De plus, je vis certes en Belgique, mais je suis aussi ivoirienne. Je revendique donc ce qu’on appelle les identités plurielles ou multiples. J’ai plusieurs identités et je les assume. Donc je garde de très bons rapports avec tous mes anciens camarades avec qui j’ai milité hier quand j’étais étudiante.
Comme toujours, je plaide pour que l’humain soit mis au cœur des actes que les uns et les autres posent, personnalité politique ou pas, personne publique ou pas, nous devons chacun à son niveau œuvrer pour la cohésion sociale de cette nation.
Nous sommes à la fin de notre entretien. Un mot de fin ?

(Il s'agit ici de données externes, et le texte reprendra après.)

Lemma hilb_of_coords (k : fieldType) (I : {mpoly k[3]} -> Prop) i m
    (f : {linear {mpoly k[3]} -> 'rV[k]_m}) :
  (forall v, v \is i.-homog -> I v <-> f v = 0) ->
  (forall w, exists2 v, v \is i.-homog & f v = w) ->
  hilb I i m.
Proof.
move=> ker_f surj_f; pose g := linfun (f \o val : dhomog 3 k i -> 'rV[k]_m).
exists (lker g); split.
  by move=> v; rewrite memv_ker lfunE (ker_f _ (dhomog_is_dhomog v)); split=> /eqP.
have img_g : limg g = fullv.
  apply/vspaceP => w; rewrite memvf; have [v hv <-] := surj_f w.
  by rewrite (_ : f v = g (Sub v hv)) ?memv_img ?memvf // lfunE.
have := limg_ker_dim g fullv; rewrite capfv img_g => <-.
by rewrite addKn dimvf /dim /= mul1n.
Qed.

Lemma ann_inv_sysP (k : fieldType) s F (v : {mpoly k[3]}) :
  ann_inv_sys (inv_sys s F) v <->
  dual_ann F v /\ (forall g, mdeg g = s -> xy_or_xz g -> dual_ann [:: g] v).
Proof.
split=> [h | [hF hg] G [-> // | [g [g_deg g_xy] ->]]]; last exact: hg.
by split=> [| g g_deg g_xy]; apply: h; [left | right; exists g].
Qed.

Lemma dual_ann_xy_xzP (k : fieldType) s i (v : {mpoly k[3]}) :
  (i <= s)%N -> v \is i.-homog ->
  (forall g, mdeg g = s -> xy_or_xz g -> dual_ann [:: g] v) <->
  (forall a, mdeg a = i -> xy_or_xz a -> v@_a = 0).
Proof.
move=> i_le_s hv; split=> [h a a_deg a_xy | h g g_deg g_xy].
  pose g := (a + mnm3 (s - i) 0 0)%MM.
  have g_deg : mdeg g = s by rewrite mdegD mdeg_mnm3 a_deg; lia.
  have g_xy : xy_or_xz g by rewrite /xy_or_xz !mnmDE mnm3y mnm3z !addn0.
  have le_g : (mnm3 (s - i) 0 0 <= g)%MM by rewrite /g addmC lem_addr.
  have := h g g_deg g_xy 'X_[mnm3 (s - i) 0 0].
  by rewrite /pairing big_seq1 mcoeffXM le_g addmK.
apply/(dual_ann_dhomogP _ hv) => [g' | b b_deg]; first by rewrite mem_seq1 => /eqP ->.
rewrite /pairing big_seq1 mcoeffXM; case: ifP => // b_le_g.
apply: h; first by rewrite mdeg_subm // g_deg; lia.
move: g_xy; rewrite /xy_or_xz !mnmBE => /orP [/eqP -> | /eqP ->].
  by rewrite sub0n eqxx.
by rewrite sub0n eqxx orbT.
Qed.
Lemma config_count_mismatch u v w y z :
    valency r u = 2 -> valency r w = 2 -> valency r z = 2 ->
    pnum r u v w = 1 -> pnum r w y z = 1 -> #|cprod r (tr r u) z| = 1 ->
  exists a b b', [/\ r x a = u, r x b = z, cell a b = cell a b',
    #|nb x w :&: nb a v :&: nb b (tr r y)| = 1 &
    #|nb x w :&: nb a v :&: nb b' (tr r y)| = 0].
Proof.
move=> vu vw vz puv pwy cp.
have point j : valency r j = 2 -> exists e, r x e = j.
  rewrite -(card_nb x) => vj; have /card_gt0P[e] : 0 < #|nb x j| by rewrite vj.
  by rewrite inE => /eqP; exists e.
have [a xa] := point u vu; have [c0 xc0] := point w vw.
have [b0 xb0] := point z vz.
have /eqP/cards1P[c Sa] : #|nb x w :&: nb a v| = 1.
  by have := valency_cardsI v xa xc0; rewrite vu vw -pcountE -pnumE xc0 puv; lia.
have [xc ac] : r x c = w /\ r a c = v.
  by move: (set11 c); rewrite -Sa !inE => /andP[/eqP ? /eqP ?].
have /eqP/cards1P[b Tc] : #|nb x z :&: nb c y| = 1.
  by have := valency_cardsI y xc xb0; rewrite vw vz -pcountE -pnumE xb0 pwy; lia.
have [xb cb] : r x b = z /\ r c b = y.
  by move: (set11 b); rewrite -Tc !inE => /andP[/eqP ? /eqP ?].
have [b' xb' nb'] : exists2 b', r x b' = z & b' != b.
  have /card_gt0P[b' /setD1P[nb' /[!inE]/eqP xb']] : 0 < #|nb x z :\ b|.
    by have := cardsD1 b (nb x z); rewrite card_nb vz inE xb eqxx; lia.
  by exists b'.
have count f : #|nb x w :&: nb a v :&: nb f (tr r y)| = (r c f == y).
  by rewrite Sa cards1I inE -eq_tr.
exists a, b, b'; split; rewrite ?count ?cb ?eqxx //.
  rewrite /cell xb xb'; congr (_, _, _).
  have mem_uz f : r x f = z -> r a f \in cprod r (tr r u) z.
    by move=> <-; rewrite -xa -r_tr mem_cprod.
  have /card_le1_eqP : #|cprod r (tr r u) z| <= 1 by rewrite cp.
  by apply; apply: mem_uz.
apply/eqP; rewrite eqb0; apply: contra nb' => /eqP cb'.
by rewrite -in_set1 -Tc !inE xb' cb' !eqxx.
Qed.

Section Matrices.
Variable F : fieldType.
Local Open Scope ring_scope.

Definition EAE (t : I * I * I) : 'M[F]_n.+1 :=
  dualidem r F x t.1.1 *m adj r F t.1.2 *m dualidem r F x t.2.

Definition cell_constant (M : 'M[F]_n.+1) : Prop :=
  forall a b a' b', cell a b = cell a' b' -> M a b = M a' b'.

Lemma dualidem_diag a : dualidem r F x a = diag_mx (\row_e (r x e == a)%:R).
Proof.
apply/matrixP => e f; rewrite !mxE.
by case: eqVneq => [->|]; rewrite ?mulr1n ?mulr0n.
Qed.

Lemma EAE_entry t a b : EAE t a b = (cell a b == t)%:R.
Proof.
case: t => [[i j] l]; rewrite /EAE !dualidem_diag mul_mx_diag mul_diag_mx !mxE.
by rewrite -!natrM !mulnb /cell !xpair_eqE.
Qed.

Lemma EAE_mul_entry i j l l' j' k a b :
  (EAE (i, j, l) *m EAE (l', j', k)) a b =
  ((r x a == i) && (l == l') && (r x b == k))%:R *
    #|nb x l :&: nb a j :&: nb b (tr r j')|%:R.
Proof.
rewrite mxE; under eq_bigr do rewrite !EAE_entry -natrM.
rewrite -natr_sum -natrM; congr _%:R.
rewrite -sum1_card big_distrr [RHS]big_mkcond /=.
apply: eq_bigr => c _; rewrite !inE -eq_tr /cell !xpair_eqE.
case: (r x c =P l) => [<- | _]; rewrite ?andbF ?muln0 //=.
by case: (r x a == i); case: (r a c == j); case: (r x c == l');
   case: (r c b == j'); case: (r x b == k).
Qed.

Je trouve parfois dommage que la Côte d’Ivoire ait plein de compétences à l’extérieur mais pas utilisées. Comme dit l’adage, on n’est pas prophète chez soi. En Belgique, j’ai l’occasion de collaborer régulièrement avec des ministres ou leur cabinet, de prendre la parole dans les médias écrits comme télévisés, d’être invités dans les parlements pour parler des missions qui sont celles du MRAX et faire des propositions pour l’avancée des causes que nous défendons, d’être invitée à prendre part à des réunions de haut niveaux dans de grandes institutions européennes et internationales. Juste pour dire que la diaspora a du potentiel.
Et beaucoup d’ivoiriens de la diaspora ont des capacités qui pourraient être un apport indéniable pour la Côte d’Ivoire. C’est étonnant et dommage que cette Côte d’Ivoire ne fasse pas appel à ces compétences. Mes premiers postes de direction d’entreprise, c’est en Côte d’Ivoire que je les ai occupées. Ces expériences professionnelles alliées à mes études et diplômes m’ont aidée à m’insérer dans le tissu socio-professionnel en Belgique et occuper aujourd’hui un poste de direction d’une organisation historique en Belgique.
Nous restons disponibles et il y a parmi nous de nombreux exemples avec des parcours exceptionnels qui devraient servir de modèles aux jeunes. Pas en terme d’immigration, mais en tant que modèle basé sur le travail et l’abnégation au travail bien fait.